Missing Child-Erik Buran kidnapped in a Class C Mo

This is so sad and my heart really goes out to you. I pray you find your son soon and unharmed. We will be headed to Texas mid-December and will be sure to keep a look out for anything that looks close to this RV. I have bookmarked your page and will memorize your son's face. God be with you and bless you. I pray you find him soon.


----------



## choochoomomma (Oct 13, 2005)

Missing Child-Erik Buran kidnapped in a Class C Mo

Thank you so much, please keep your eyes peeled for him.


----------



## choochoomomma (Oct 13, 2005)

Missing Child-Erik Buran kidnapped in a Class C Mo

quote:_Originally posted by choochoomomma_

Erik Buran is only 4 years old and he was kidnapped by his drug-addicted, violent non-custodial mother and her druggie boyfriend in April 2005.  They fled in a class C Motorhome after kidnapping Erik.  Please see: http://www.bringerikhome.com/ for details. 
I am one of many websleuthers working to try and do everything we can to locate him.  We are posting on these RV Forums in the hopes that maybe an RVer has seen him or his momma.  Please see the link for pictures of him and his mother.http://www.bringerikhome.com/The Abductors.htm  Also, see the link for pictures of the motor home:
http://www.bringerikhome.com/old_motor_home.htm

I corrected the links they should work now.

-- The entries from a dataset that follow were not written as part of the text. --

(* For every $n\in\mathbb{N}$, \[ \sum_{j=0}^{n}\sum_{i=0}^{j}\frac{\binom{n+1}{i}}{\binom{2n+1}{j}} =\sum_{k=0}^{\lfloor n/2\rfloor}(-1)^k\frac{\binom{n+1}{2k+1}}{\binom{n}{k}} =(n+1)\sum_{k=1}^{n+1}\frac{2^k}{k\binom{n+1+k}{k}} =\frac{n+1}{2^{n+1}}\sum_{k=1}^{n+1}\frac{2^k}{k} =\frac{1}{2^n}\sum_{j=0}^{n}\sum_{i=0}^{j}\frac{\binom{n+1}{i}}{\binom{n}{j}}. \] *)

From HB Require Import structures.
From mathcomp Require Import all_boot all_order all_algebra.
Set Implicit Arguments. Unset Strict Implicit. Unset Printing Implicit Defensive.

From HB Require Import structures.
From mathcomp Require Import all_boot all_order all_algebra.
From mathcomp Require Import zify ring lra.
Import Order.TTheory GRing.Theory Num.Theory.
Local Open Scope ring_scope.

(* All five expressions, as functions of n, solve x 0 = 1 and
   2 (n+1) x (n+1) = 2 (n+1) + (n+2) x n, the classical recurrence for
   U n = sum_j 1 / C(n, j), so they all equal U n.  The fifth one is U itself, by the
   symmetry P(j) + P(n-j) = 2^(n+1) of the partial row sums of Pascal's triangle; the
   fourth satisfies the recurrence outright; for the third the summand satisfies a
   recurrence in n that telescopes in k; for the first two the recurrence is checked
   with a WZ-style certificate: a closed-form term whose difference in the summation
   index is the recurrence operator applied to the summand. *)

Ltac nonzero_side :=
  repeat (apply/andP; split); rewrite ?expf_neq0 //; try (apply/negP => /eqP ?; lra).

Section BinomialRatios.
Variable R : numFieldType.

Lemma natr_bin_neq0 n j : ('C(n, j)%:R != 0 :> R) = (j <= n)%N.
Proof. by rewrite pnatr_eq0 -lt0n bin_gt0. Qed.

Lemma natr_bin_down n j : (j <= n)%N ->
  'C(n.+1, j)%:R = n.+1%:R * 'C(n, j)%:R / (n.+1%:R - j%:R) :> R.
Proof.
move=> le_jn; have := mul_bin_down n.+1 j => /= eq_bin.
have nz : n.+1%:R - j%:R != 0 :> R by rewrite subr_eq0 eqr_nat; lia.
apply: (mulIf nz); rewrite mulfVK // -natrB; last by lia.
by rewrite -!natrM; congr (_%:R); lia.
Qed.

Lemma natr_bin_diag n j : 'C(n.+1, j.+1)%:R = n.+1%:R * 'C(n, j)%:R / j.+1%:R :> R.
Proof.
have := mul_bin_diag n.+1 j => /= eq_bin.
by rewrite -natrM eq_bin natrM mulrAC divff ?mul1r // pnatr_eq0.
Qed.

Lemma natr_bin_left n j : (j <= n)%N ->
  'C(n, j.+1)%:R = 'C(n, j)%:R * (n%:R - j%:R) / j.+1%:R :> R.
Proof.
move=> le_jn; have := mul_bin_left n j => eq_bin.
rewrite -natrB // -natrM [('C(n, j) * _)%N]mulnC -eq_bin natrM
  [_ * 'C(n, j.+1)%:R]mulrC mulfK // pnatr_eq0 //.
Qed.

End BinomialRatios.

Lemma invr_binS (R : realFieldType) n j : (j <= n)%N ->
  ('C(n.+1, j)%:R)^-1 + ('C(n.+1, j.+1)%:R)^-1 = n.+2%:R / (n.+1%:R * 'C(n, j)%:R) :> R.
Proof.
move=> le_jn; rewrite natr_bin_down ?natr_bin_diag //.
have nz_bin : 'C(n, j)%:R != 0 :> R by rewrite natr_bin_neq0.
have : j%:R <= n%:R :> R by rewrite ler_nat.
have := ler0n R j => *.
by field; nonzero_side.
Qed.

Definition bin_psum (m j : nat) : nat := \sum_(0 <= i < j.+1) 'C(m, i).

Lemma bin_psumS m j : bin_psum m j.+1 = (bin_psum m j + 'C(m, j.+1))%N.
Proof. by rewrite /bin_psum big_nat_recr. Qed.

Lemma bin_psumSn (R : comPzRingType) m j :
  (bin_psum m.+1 j)%:R = 2 * (bin_psum m j)%:R - 'C(m, j)%:R :> R.
Proof.
elim: j => [|j IH]; first by rewrite /bin_psum !big_nat1 !bin0 mulr2n; ring.
by rewrite !bin_psumS binS !natrD IH; ring.
Qed.

Lemma bin_psum_full n : bin_psum n n = (2 ^ n)%N.
Proof.
rewrite /bin_psum big_mkord; have := expnDn 1 1 n; rewrite add1n => ->.
by apply: eq_bigr => i _; rewrite !exp1n !muln1.
Qed.

Lemma bin_psum_compl n j : (j <= n)%N ->
  (bin_psum n.+1 j + bin_psum n.+1 (n - j))%N = (2 ^ n.+1)%N.
Proof.
move=> le_jn; rewrite -bin_psum_full [RHS]/bin_psum (big_cat_nat _ (n := j.+1)) //=; last by lia.
congr (_ + _)%N; rewrite /bin_psum -{1}(add0n j.+1) big_addn big_nat_rev /=.
have -> : (n.+2 - j.+1 = (n - j).+1)%N by lia.
apply: eq_big_nat => i /andP [_ lt_i].
rewrite -(bin_sub (n := n.+1)); last by lia.
by congr 'C(_, _); lia.
Qed.

Definition rec_sol (x : nat -> rat) : Prop :=
  x 0%N = 1 /\ forall n, 2 * n.+1%:R * x n.+1 = 2 * n.+1%:R + n.+2%:R * x n.

Lemma rec_sol_unique x y : rec_sol x -> rec_sol y -> x =1 y.
Proof.
move=> [x0 rec_x] [y0 rec_y]; elim=> [|n IH]; first by rewrite x0 y0.
have nz : 2 * n.+1%:R != 0 :> rat by rewrite mulf_neq0 // pnatr_eq0.
by apply: (mulfI nz); rewrite rec_x rec_y IH.
Qed.

Definition inv_bin_sum (n : nat) : rat := \sum_(0 <= j < n.+1) ('C(n, j)%:R)^-1.

Lemma inv_bin_sum_rec : rec_sol inv_bin_sum.
Proof.
split=> [|n]; first by rewrite /inv_bin_sum big_nat1 bin0 invr1.
have sum_pairs : \sum_(0 <= j < n.+1) (('C(n.+1, j)%:R)^-1 + ('C(n.+1, j.+1)%:R)^-1)
    = n.+2%:R / n.+1%:R * inv_bin_sum n.
  rewrite /inv_bin_sum mulr_sumr; apply: eq_big_nat => j /andP [_ lt_jn].
  by rewrite invr_binS // invfM mulrA.
have dropr : inv_bin_sum n.+1 = \sum_(0 <= j < n.+1) ('C(n.+1, j)%:R)^-1 + 1.
  by rewrite /inv_bin_sum (big_nat_recr n.+1) //= binn invr1.
have dropl : inv_bin_sum n.+1 = 1 + \sum_(0 <= j < n.+1) ('C(n.+1, j.+1)%:R)^-1.
  by rewrite /inv_bin_sum big_nat_recl //= bin0 invr1.
have twice_sum : (inv_bin_sum n.+1 - 1) + (inv_bin_sum n.+1 - 1)
    = n.+2%:R / n.+1%:R * inv_bin_sum n.
  by rewrite -sum_pairs big_split /= {1}dropr dropl; ring.
have nz : n.+1%:R != 0 :> rat by rewrite pnatr_eq0.
have -> : n.+2%:R * inv_bin_sum n = n.+1%:R * (n.+2%:R / n.+1%:R * inv_bin_sum n).
  by rewrite [n.+2%:R / _]mulrC !mulrA mulfV // mul1r.
by rewrite -twice_sum; ring.
Qed.

Definition S1 (n : nat) : rat := \sum_(0 <= j < n.+1) \sum_(0 <= i < j.+1)
  ('C(n.+1, i)%:R / 'C(2 * n + 1, j)%:R).

Definition S2 (n : nat) : rat := \sum_(0 <= k < (n./2).+1)
  (-1) ^+ k * ('C(n.+1, 2 * k + 1)%:R / 'C(n, k)%:R).

Definition S3 (n : nat) : rat := n.+1%:R * \sum_(1 <= k < n.+2)
  (2 ^+ k / (k%:R * 'C(n.+1 + k, k)%:R)).

Definition S4 (n : nat) : rat := n.+1%:R / 2 ^+ n.+1 * \sum_(1 <= k < n.+2) (2 ^+ k / k%:R).

Definition S5 (n : nat) : rat := 1 / 2 ^+ n * \sum_(0 <= j < n.+1) \sum_(0 <= i < j.+1)
  ('C(n.+1, i)%:R / 'C(n, j)%:R).

Lemma S5_inv_bin_sum n : S5 n = inv_bin_sum n.
Proof.
rewrite /S5; pose A := \sum_(0 <= j < n.+1) (bin_psum n.+1 j)%:R / 'C(n, j)%:R : rat.
have -> : \sum_(0 <= j < n.+1) \sum_(0 <= i < j.+1) ('C(n.+1, i)%:R / 'C(n, j)%:R : rat) = A.
  by apply: eq_bigr => j _; rewrite -mulr_suml /bin_psum natr_sum.
have twice_A : A + A = 2 ^+ n.+1 * inv_bin_sum n.
  rewrite {2}/A big_nat_rev /= /inv_bin_sum mulr_sumr -big_split /=.
  apply: eq_big_nat => j /andP [_ lt_jn].
  by rewrite add0n subSS bin_sub // -mulrDl -natrD bin_psum_compl // natrX.
have -> : A = 2 ^+ n * inv_bin_sum n.
  by apply: (mulfI (_ : 2 != 0 :> rat)) => //; rewrite mulrA -exprS -twice_A; ring.
by rewrite mulrA mul1r mulVf ?mul1r // expf_neq0.
Qed.

Lemma S4_rec : rec_sol S4.
Proof.
split=> [|n]; first by rewrite /S4 unlock; vm_compute.
rewrite /S4 (big_nat_recr n.+2) //= !exprS.
have := ler0n rat n => ?.
by field; nonzero_side.
Qed.

Definition S3_term (m k : nat) : rat := 2 ^+ k / (k%:R * 'C(m + k, k)%:R).

Lemma S3_termSn m k : (0 < k)%N -> 2 * S3_term m.+1 k = 2 * S3_term m k - S3_term m k.+1.
Proof.
move=> k_gt0; rewrite /S3_term addSn addnS natr_bin_down ?leq_addl // natr_bin_diag.
have nz_bin : 'C(m + k, k)%:R != 0 :> rat by rewrite natr_bin_neq0 leq_addl.
have : 1 <= k%:R :> rat by rewrite ler1n.
have := ler0n rat m => ?; rewrite exprS => ?.
by field; nonzero_side.
Qed.

Definition S3_sum (m : nat) : rat := \sum_(1 <= k < m.+1) S3_term m k.

Lemma S3_sumSn m : 2 * S3_sum m.+1 = S3_sum m + 2 / m.+1%:R.
Proof.
rewrite /S3_sum mulr_sumr.
rewrite (eq_big_nat _ _ (F2 := fun k => S3_term m k - (S3_term m k.+1 - S3_term m k))); last first.
  by move=> k /andP [k_gt0 _]; rewrite S3_termSn //; ring.
rewrite sumrB telescope_sumr // (big_nat_recr m.+1) //=.
have first_term : S3_term m 1 = 2 / m.+1%:R by rewrite /S3_term addn1 bin1 mul1r expr1.
have last_terms : S3_term m m.+2 = S3_term m m.+1.
  rewrite /S3_term !addnS natr_bin_diag.
  have nz_bin : 'C(m + m, m)%:R != 0 :> rat by rewrite natr_bin_neq0 leq_addl.
  have nz_binS : 'C((m + m).+1, m.+1)%:R != 0 :> rat by rewrite natr_bin_neq0; lia.
  have := ler0n rat m => ?.
  by rewrite exprS; field; nonzero_side.
by rewrite first_term last_terms; ring.
Qed.

Lemma S3_rec : rec_sol S3.
Proof.
split=> [|n]; first by rewrite /S3 unlock; vm_compute.
rewrite /S3 -/(S3_sum n.+1) -/(S3_sum n.+2).
have -> : S3_sum n.+2 = (S3_sum n.+1 + 2 / n.+2%:R) / 2 by rewrite -S3_sumSn; field.
have := ler0n rat n => ?.
by field; nonzero_side.
Qed.

Definition S2_term (n k : nat) : rat := (-1) ^+ k * ('C(n.+1, 2 * k + 1)%:R / 'C(n, k)%:R).

Definition S2_cert (n k : nat) : rat :=
  - 2 * (-1) ^+ k * (1 + k%:R + n%:R + 2 * n%:R * k%:R - 2 * k%:R ^+ 2)
    * 'C(n.+1, 2 * k)%:R / ((2 * k + 1)%:R * 'C(n, k)%:R).

Lemma S2_certS n k : (0 < n)%N -> (2 * k <= n)%N ->
  S2_cert n k.+1 - S2_cert n k = 2 * n.+1%:R * S2_term n.+1 k - n.+2%:R * S2_term n k.
Proof.
move=> n_gt0 le_2k_n; rewrite /S2_cert /S2_term.
have nz_bin : 'C(n, k)%:R != 0 :> rat by rewrite natr_bin_neq0; lia.
(* Rewrite every binomial in terms of C(n, k) and C(n+1, 2k); what remains is an
   identity of rational functions. *)
have E1 : 'C(n.+1, 2 * k + 1)%:R = 'C(n.+1, 2 * k)%:R * (n.+1%:R - (2 * k)%:R) / (2 * k).+1%:R :> rat.
  by rewrite addn1 natr_bin_left //; lia.
have E2 : 'C(n.+1, 2 * k.+1)%:R
    = 'C(n.+1, 2 * k + 1)%:R * (n.+1%:R - (2 * k + 1)%:R) / (2 * k + 1).+1%:R :> rat.
  have -> : (2 * k.+1 = (2 * k + 1).+1)%N by lia.
  by rewrite natr_bin_left //; lia.
have E3 : 'C(n.+2, 2 * k + 1)%:R = 'C(n.+1, 2 * k + 1)%:R + 'C(n.+1, 2 * k)%:R :> rat.
  by rewrite addn1 binS natrD.
have E4 : 'C(n, k.+1)%:R = 'C(n, k)%:R * (n%:R - k%:R) / k.+1%:R :> rat.
  by rewrite natr_bin_left //; lia.
have E5 : 'C(n.+1, k)%:R = n.+1%:R * 'C(n, k)%:R / (n.+1%:R - k%:R) :> rat.
  by rewrite natr_bin_down //; lia.
rewrite E2 E3 E4 E5 E1.
have : 2 * k%:R <= n%:R :> rat by rewrite -natrM ler_nat.
have : k%:R + 1 <= n%:R :> rat by rewrite natr1 ler_nat; lia.
move: nz_bin; set c := 'C(n, k)%:R; set b := 'C(n.+1, 2 * k)%:R => nz_bin.
have := ler0n rat k.
clear E1 E2 E3 E4 E5 => *.
rewrite !exprS !(natrD, natrM, mulrS).
by field; rewrite ?nz_bin /=; nonzero_side.
Qed.

Lemma S2_cert0 n : S2_cert n 0 = - 2 * n.+1%:R.
Proof. by rewrite /S2_cert muln0 !bin0 expr0 mulr0 add0n mulrS; field. Qed.

Lemma S2_telescope n K : (0 < n)%N -> (2 * K <= n)%N ->
  2 * n.+1%:R * \sum_(0 <= k < K.+1) S2_term n.+1 k - n.+2%:R * \sum_(0 <= k < K.+1) S2_term n k
  = S2_cert n K.+1 + 2 * n.+1%:R.
Proof.
move=> n_gt0 le_2K_n; rewrite !mulr_sumr -sumrB (telescope_sumr_eq (S2_cert n)) //.
  by rewrite S2_cert0 mulNr opprK.
by move=> k /andP [_ lt_kK]; rewrite S2_certS //; lia.
Qed.

Lemma S2_cert_odd h :
  S2_cert (2 * h).+1 h.+1 = - (2 * (2 * h).+2%:R * S2_term (2 * h).+2 h.+1).
Proof.
rewrite /S2_cert /S2_term.
have -> : (2 * h.+1 + 1 = (2 * h).+3)%N by lia.
have -> : (2 * h.+1 = (2 * h).+2)%N by lia.
have bin_mid : 'C((2 * h).+1, h.+1)%:R = 'C((2 * h).+1, h)%:R :> rat.
  by rewrite -bin_sub; [congr (_%:R); congr 'C(_, _) | ]; lia.
have nz_bin : 'C((2 * h).+1, h)%:R != 0 :> rat by rewrite natr_bin_neq0; lia.
rewrite !binn bin_mid natr_bin_diag.
move: nz_bin; set c := 'C((2 * h).+1, h)%:R => nz_bin.
have := ler0n rat h => ?.
rewrite !exprS !mulrS natrM.
by field; nonzero_side.
Qed.

Lemma S2_cert_even h : S2_cert (2 * h) h.+1 = 0.
Proof. by rewrite /S2_cert bin_small ?mulr0 ?mul0r //; lia. Qed.

Lemma S2_rec : rec_sol S2.
Proof.
split=> [|n]; first by rewrite /S2 unlock; vm_compute.
have [->|n_gt0] := posnP n; first by rewrite /S2 unlock; vm_compute.
rewrite -(odd_double_half n) -muln2 mulnC in n_gt0 *.
move: (odd n) (n./2) n_gt0 => [] h h_gt0 /=; rewrite ?add1n ?add0n /S2 in h_gt0 *.
- have := S2_telescope _ h (ltn0Sn _) (leqnSn _).
  rewrite S2_cert_odd.
  have -> : ((2 * h).+1./2 = h)%N by lia.
  have -> : ((2 * h).+2./2 = h.+1)%N by lia.
  by rewrite (big_nat_recr h.+1) //= -/(S2_term _ _); lra.
- have := S2_telescope _ h h_gt0 (leqnn _).
  rewrite S2_cert_even add0r.
  have -> : ((2 * h)./2 = h)%N by lia.
  have -> : ((2 * h).+1./2 = h)%N by lia.
  lra.
Qed.

Definition S1_term (n j : nat) : rat := (bin_psum n.+1 j)%:R / 'C(2 * n + 1, j)%:R.

Definition S1_cert (n j : nat) : rat :=
  ((- j%:R ^+ 2 + (5 * n%:R + 7) * j%:R - 2 * (n%:R + 1) * (3 * n%:R + 5))
      * (bin_psum n.+1 j)%:R
    + (n%:R + 2) * (2 * n%:R + 2 - j%:R) * 'C(n.+1, j)%:R)
  / ((2 * n%:R + 3) * 'C(2 * n + 1, j)%:R).

Lemma S1_certS n j : (0 < n)%N -> (j <= n.+1)%N ->
  S1_cert n j.+1 - S1_cert n j = 2 * n.+1%:R * S1_term n.+1 j - n.+2%:R * S1_term n j.
Proof.
move=> n_gt0 le_j_n1; rewrite /S1_cert /S1_term bin_psumS natrD (bin_psumSn _ n.+1).
have nz_bin : 'C(2 * n + 1, j)%:R != 0 :> rat by rewrite natr_bin_neq0; lia.
(* As in [S2_certS], reduce to C(n+1, j) and C(2n+1, j). *)
have E1 : 'C(n.+1, j.+1)%:R = 'C(n.+1, j)%:R * (n.+1%:R - j%:R) / j.+1%:R :> rat.
  by rewrite natr_bin_left.
have E2 : 'C(2 * n + 1, j.+1)%:R
    = 'C(2 * n + 1, j)%:R * ((2 * n + 1)%:R - j%:R) / j.+1%:R :> rat.
  by rewrite natr_bin_left //; lia.
have E3 : 'C(2 * n.+1 + 1, j)%:R = (2 * n + 1).+2%:R
    * ((2 * n + 1).+1%:R * 'C(2 * n + 1, j)%:R / ((2 * n + 1).+1%:R - j%:R))
    / ((2 * n + 1).+2%:R - j%:R) :> rat.
  have -> : (2 * n.+1 + 1 = (2 * n + 1).+2)%N by lia.
  by rewrite !natr_bin_down //; lia.
rewrite E1 E2 E3.
have : j%:R <= n%:R + 1 :> rat by rewrite natr1 ler_nat.
have : 1 <= n%:R :> rat by rewrite ler1n.
move: nz_bin; set cN := 'C(2 * n + 1, j)%:R; set c := 'C(n.+1, j)%:R.
set p := (bin_psum n.+1 j)%:R => nz_bin.
have := ler0n rat j.
clear E1 E2 E3 => *.
rewrite !(natrD, natrM, mulrS).
by field; rewrite ?nz_bin /=; nonzero_side.
Qed.

Lemma S1_cert0 n : S1_cert n 0 = - 2 * n.+1%:R.
Proof.
rewrite /S1_cert /bin_psum big_nat1 !bin0 mulrS.
have := ler0n rat n => ?.
by field; nonzero_side.
Qed.

Lemma S1_cert_last n : (0 < n)%N -> S1_cert n n.+2 = - n.+2%:R * S1_term n n.+1.
Proof.
move=> n_gt0; rewrite /S1_cert /S1_term bin_psumS (bin_small (ltnSn _)) addn0 mulr0 addr0.
rewrite (natr_bin_left _ (2 * n + 1) n.+1); last by lia.
have nz_bin : 'C(2 * n + 1, n.+1)%:R != 0 :> rat by rewrite natr_bin_neq0; lia.
move: nz_bin; set c := 'C(2 * n + 1, n.+1)%:R; set p := (bin_psum n.+1 n.+1)%:R => nz_bin.
have : 1 <= n%:R :> rat by rewrite ler1n.
rewrite !(natrD, natrM, mulrS) => ?.
by field; rewrite ?nz_bin /=; nonzero_side.
Qed.

Lemma S1_rec : rec_sol S1.
Proof.
split=> [|n]; first by rewrite /S1 unlock; vm_compute.
have [->|n_gt0] := posnP n; first by rewrite /S1 unlock; vm_compute.
have S1_sum m : S1 m = \sum_(0 <= j < m.+1) S1_term m j.
  by apply: eq_bigr => j _; rewrite /S1_term -mulr_suml /bin_psum natr_sum.
have : \sum_(0 <= j < n.+2) (2 * n.+1%:R * S1_term n.+1 j - n.+2%:R * S1_term n j)
    = S1_cert n n.+2 - S1_cert n 0.
  by apply: telescope_sumr_eq => // j /andP [_ lt_j]; rewrite S1_certS.
rewrite S1_cert0 S1_cert_last // sumrB -!mulr_sumr -!S1_sum (big_nat_recr n.+1) //=.
by rewrite -S1_sum; lra.
Qed.

Theorem proposition1 (n : nat) :
  let S1 : rat := \sum_(0 <= j < n.+1) \sum_(0 <= i < j.+1)
                    ('C(n.+1, i)%:R / 'C(2 * n + 1, j)%:R) in
  let S2 : rat := \sum_(0 <= k < (n./2).+1)
                    (-1) ^+ k * ('C(n.+1, 2 * k + 1)%:R / 'C(n, k)%:R) in
  let S3 : rat := (n.+1)%:R * \sum_(1 <= k < n.+2)
                    (2 ^+ k / (k%:R * 'C(n.+1 + k, k)%:R)) in
  let S4 : rat := (n.+1)%:R / 2 ^+ n.+1 * \sum_(1 <= k < n.+2) (2 ^+ k / k%:R) in
  let S5 : rat := 1 / 2 ^+ n * \sum_(0 <= j < n.+1) \sum_(0 <= i < j.+1)
                    ('C(n.+1, i)%:R / 'C(n, j)%:R) in
  [/\ S1 = S2, S2 = S3, S3 = S4 & S4 = S5].
Proof.
have to_inv_bin_sum x (rec_x : rec_sol x) : x n = inv_bin_sum n :=
  rec_sol_unique _ _ rec_x inv_bin_sum_rec n.
change [/\ S1 n = S2 n, S2 n = S3 n, S3 n = S4 n & S4 n = S5 n].
rewrite (to_inv_bin_sum _ S1_rec) (to_inv_bin_sum _ S2_rec) (to_inv_bin_sum _ S3_rec).
by rewrite (to_inv_bin_sum _ S4_rec) S5_inv_bin_sum.
Qed.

He is so little and he needs your help, have you seen them?  Please take a minute to view his picture, read his story and offer your assistance if you have seen them please call in the authorities.


----------



## mking (Oct 14, 2005)

Missing Child-Erik Buran kidnapped in a Class C Mo

Sorry to hear about your boy.We also will keep a lookout over here in the southeast of North and South Carolina.I hope you find him.


----------



## choochoomomma (Oct 16, 2005)

Missing Child-Erik Buran kidnapped in a Class C Mo

Thank you mking.  There was a rumor sighting that he was in myrtle beach, please be on the look out for him, print out his poster at http://www.bringerikhome.com/ and take it with you.  Thank you thank you.


----------



## 1whocares (Oct 19, 2005)

Missing Child-Erik Buran kidnapped in a Class C Mo

Sorry to hear about this. I work for a major rv dealership and would like to post the pictures of Erik and the RV, however the link site we were sent does not open. Can someone help me in this area or email me the info to  tford@suncoastrv.com We have 20 locaations all over and wolud like to do what we can to help.


----------



## choochoomomma (Oct 20, 2005)

Missing Child-Erik Buran kidnapped in a Class C Mo

I e-mailed the info to you 1whocares.  The info is at:

http://www.bringerikhome.com

Thank you very much for getting the word out. We have yet to get any leads on his whereabouts and he has been missing over 180 days now.


----------



## choochoomomma (Dec 6, 2005)

Missing Child-Erik Buran kidnapped in a Class C Mo

Erik Buran has been located!!!! On Thanksgiving his abductor mother turned herself in and Erik over to Social Services.  He has since been reunited with his father, what a happy ending!!!!
His mother sits in jail on kidnapping charges.  Erik and his dad are once again together and Erik is adjusting well.  Rescued at last!


----------



## C Nash (Dec 6, 2005)

Missing Child-Erik Buran kidnapped in a Class C Mo

Erik and his Dad really have more to be thankfull for on Thanksgivinging now :approve: 
Great news and thanks for the follow up.


----------



## C Nash (Dec 6, 2005)

Missing Child-Erik Buran kidnapped in a Class C Mo

Erik and his Dad really have more to be thankfull for on Thanksgiving now :approve: 
Great news and thanks for the follow up.


----------